ENTRIES SHOWN ▸
(* Every point after the last maximum is strictly lower, so the flipped tail
   lies in the upper half-plane. *)
Lemma HSW_tail_flip k g m : HSW k g -> last_argmax g k 0 m -> HSW (k - m) (tail_flip g m k).
Proof.
  intros [[Lg [_ [Ng Ag]]] _] [Hm [_ Hlt]].
  refine (conj (conj _ (conj _ (conj _ _))) _).
  - apply length_walk_of.
  - rewrite pt_tail_flip, Nat.add_0_r by lia. apply flip_self.
  - rewrite NoDup_pt, length_tail_flip. intros i j Hi Hj Eij.
    rewrite !pt_tail_flip in Eij by lia. apply flip_inj in Eij.
    rewrite NoDup_pt in Ng. enough (m + i = m + j)%nat by lia. apply Ng; lia || easy.
  - intros t Ht. rewrite !pt_tail_flip by lia. apply adj_flip.
    rewrite Nat.add_succ_r. apply Ag. lia.
  - intros t Ht. rewrite pt_tail_flip, yc_flip by lia. specialize (Hlt (m + t)%nat ltac:(lia)). lia.
Qed.

Lemma tail_flip_inj g g' m k : (m <= k)%nat -> length g = S k -> length g' = S k ->
  walk_of (pt g) m = walk_of (pt g') m -> tail_flip g m k = tail_flip g' m k -> g = g'.
Proof.
  intros Hm Lg Lg' Ehead Etail.
  assert (Hhead : forall s, (s <= m)%nat -> pt g s = pt g' s).
  { intros s Hs. rewrite <- (pt_walk_of (pt g) m s), <- (pt_walk_of (pt g') m s), Ehead by lia.
    reflexivity. }
  apply walk_ext; [congruence |]. intros t Ht.
  destruct (Nat.le_gt_cases t m) as [Htm | Htm]; [now apply Hhead |].
  assert (E := f_equal (fun w => pt w (t - m)%nat) Etail). cbv beta in E.
  rewrite !pt_tail_flip, (Hhead m) in E by lia. replace (m + (t - m))%nat with t in E by lia.
  now apply flip_inj in E.
Qed.

Lemma num_branches_tail_flip g k r :
  num_branches g k (S r) ->
  exists m, (1 <= k)%nat /\ last_argmax g k 0 m /\ num_branches (tail_flip g m k) (k - m) r.
Proof.
  intros [a [A0 [Ai [Ar An]]]].
  assert (Hmono : forall i, (1 <= i <= S r)%nat -> (a 1 <= a i <= k)%nat).
  { intros i Hi. induction i as [|i IH]; [lia |].
    specialize (Ai (S i) Hi). destruct (Nat.eq_dec i 0) as [-> | Hi0].
    - destruct Ai as [Ha _]. lia.
    - specialize (IH ltac:(lia)). simpl in Ai. destruct (Nat.odd (S i)); destruct Ai as [Ha _]; lia. }
  exists (a 1%nat). split; [specialize (An 0%nat ltac:(lia)); lia | split].
  { specialize (Ai 1%nat ltac:(lia)). simpl in Ai. now rewrite A0 in Ai. }
  exists (fun i => (a (S i) - a 1%nat)%nat). split; [lia | split; [| split]].
  - intros i Hi. specialize (Ai (S i) ltac:(lia)). specialize (Hmono i).
    replace (S (pred i)) with i in * by lia.
    rewrite Nat.odd_succ, <- Nat.negb_odd in Ai. simpl in Ai.
    destruct (Nat.odd i); simpl in Ai.
    + apply last_argmin_tail_flip; [lia | exact Ai].
    + apply last_argmax_tail_flip; [lia | exact Ai].
  - now rewrite Ar.
  - intros i Hi E. specialize (An (S i) ltac:(lia)). specialize (Hmono (S i) ltac:(lia)). lia.
Qed.

Lemma HSW_zero g : HSW 0 g -> g = [(0%Z, 0%Z)].
Proof.
  intros [[Lg [Og _]] _]. destruct g as [|p [|q g]]; try discriminate Lg.
  unfold pt in Og. simpl in Og. now subst.
Qed.

Definition first_branch (k r : nat) (g : list point) (m : nat) : Prop :=
  (1 <= m <= k)%nat /\ Bridge m (walk_of (pt g) m) /\
  HSW (k - m) (tail_flip g m k) /\ num_branches (tail_flip g m k) (k - m) r.

Lemma first_branch_exists k r g :
  HSW k g -> num_branches g k (S r) -> exists m, first_branch k r g m.
Proof.
  intros Hg Hbr. destruct (num_branches_tail_flip g k r Hbr) as [m [Hk [Hmax Htail]]].
  exists m. split; [| split; [| split]].
  - destruct Hg as [[_ [Og _]] Yg], Hmax as [Hm [Hle _]]. split; [| lia].
    destruct m; [| lia]. specialize (Hle 1%nat ltac:(lia)). specialize (Yg 1%nat ltac:(lia)).
    rewrite Og in Hle. simpl in Hle. lia.
  - exact (Bridge_prefix k g m Hg Hmax).
  - exact (HSW_tail_flip k g m Hg Hmax).
  - exact Htail.
Qed.

Section BranchCount.

Variable mu : R.
Hypothesis mu_ge0 : 0 <= mu.
Hypothesis bridge_le : forall m, (1 <= m)%nat -> at_most (Bridge m) (mu ^ m).

Lemma branch_bound_ge0 k r : 0 <= INR (S k) ^ r * mu ^ k.
Proof. apply Rmult_le_pos; apply pow_le; [apply pos_INR | exact mu_ge0]. Qed.

(* A walk with a given first branch is determined by that bridge together with
   its flipped tail. *)
Lemma first_branch_fiber_bound k r m :
  (forall k', at_most (fun g => HSW k' g /\ num_branches g k' r) (INR (S k') ^ r * mu ^ k')) ->
  at_most (fun g => (HSW k g /\ num_branches g k (S r)) /\ first_branch k r g m)
          (INR (S k) ^ r * mu ^ k).
Proof.
  intros IH. destruct (le_lt_dec 1 m) as [Hm1 | Hm1]; [destruct (le_lt_dec m k) as [Hmk | Hmk] |].
  2, 3: eapply at_most_le; [apply at_most_empty; intros g [_ [Hm _]]; lia | apply branch_bound_ge0].
  replace (INR (S k) ^ r * mu ^ k) with (mu ^ m * (INR (S k) ^ r * mu ^ (k - m)))
    by (rewrite Rmult_comm, Rmult_assoc, <- pow_add; do 3 f_equal; lia).
  apply (at_most_fibers _ (fun g b => b = walk_of (pt g) m)).
  - apply Rmult_le_pos; apply pow_le; [apply pos_INR | exact mu_ge0].
  - intros g _. eauto.
  - eapply at_most_sub; [| exact (bridge_le m Hm1)]. now intros b [g [[_ [_ [Hb _]]] ->]].
  - intros b. eapply at_most_le.
    + refine (at_most_inj _ _ (fun g => tail_flip g m k) _ _ _ (IH (k - m)%nat)).
      * now intros g [[_ [_ [_ Htail]]] _].
      * intros g g' [[[[[Lg _] _] _] _] Eg] [[[[[Lg' _] _] _] _] Eg'].
        apply tail_flip_inj; congruence || lia.
    + apply Rmult_le_compat_r; [apply pow_le, mu_ge0 |].
      apply pow_incr. split; [apply pos_INR | apply le_INR; lia].
Qed.

(* Peeling off branches one at a time: there are at most [k + 1] choices for
   the end of the first branch, which is a bridge. *)
Lemma HSW_branches_bound r k :
  at_most (fun g => HSW k g /\ num_branches g k r) (INR (S k) ^ r * mu ^ k).
Proof.
  revert k. induction r as [|r IH]; intros k.
  - destruct k as [|k].
    + replace (INR 1 ^ 0 * mu ^ 0) with 1 by (simpl; ring).
      apply (at_most_singleton _ [(0%Z, 0%Z)]). intros g [Hg _]. exact (HSW_zero g Hg).
    + eapply at_most_le; [| apply branch_bound_ge0].
      apply at_most_empty. intros g [_ [a [A0 [_ [Ar _]]]]]. congruence.
  - replace (INR (S k) ^ S r * mu ^ k) with (INR (S k) * (INR (S k) ^ r * mu ^ k)) by (simpl; ring).
    apply (at_most_fibers _ (first_branch k r)).
    + apply branch_bound_ge0.
    + intros g [Hg Hbr]. exact (first_branch_exists k r g Hg Hbr).
    + apply at_most_lt. intros m [g [_ [Hm _]]]. lia.
    + intros m. exact (first_branch_fiber_bound k r m IH).
Qed.

Lemma few_branches_bound k x : 0 <= x ->
  at_most (fun g => HSW k g /\ exists r, num_branches g k r /\ INR r < x)
          ((x + 1) * Rpower (INR (S k)) x * mu ^ k).
Proof.
  intros Hx. set (M := Z.to_nat (up x)).
  assert (HM : x < INR M <= x + 1).
  { destruct (archimed x) as [Hup1 Hup2]. unfold M.
    rewrite INR_IZR_INZ, Z2Nat.id by (apply le_IZR; lra). lra. }
  rewrite Rmult_assoc.
  apply (at_most_fibers _ (fun g r => HSW k g /\ num_branches g k r /\ INR r < x)).
  - apply Rmult_le_pos; [left; apply Rpower_pos | apply pow_le, mu_ge0].
  - intros g [Hg [r Hr]]. exists r. now split.
  - eapply at_most_le; [| apply HM]. apply at_most_lt.
    intros r [g [_ [_ [_ Hr]]]]. apply INR_lt. lra.
  - intros r. destruct (Rlt_le_dec (INR r) x) as [Hr | Hr].
    + eapply at_most_le.
      * eapply at_most_sub; [| apply (HSW_branches_bound r k)]. now intros g [_ [Hg [Hbr _]]].
      * apply Rmult_le_compat_r; [apply pow_le, mu_ge0 |].
        rewrite <- Rpower_pow by (apply lt_0_INR; lia).
        apply Rle_Rpower; [apply (le_INR 1); lia | lra].
    + eapply at_most_le; [apply at_most_empty; intros g [_ [_ [_ Hr']]]; lra |].
      apply Rmult_le_pos; [left; apply Rpower_pos | apply pow_le, mu_ge0].
Qed.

TASK TO COMPLETE ▸
Which lines above contain the word "flipped"? List them.

TASK RESPONSE ▸
(* Every point after the last maximum is strictly lower, so the flipped tail
   its flipped tail. *)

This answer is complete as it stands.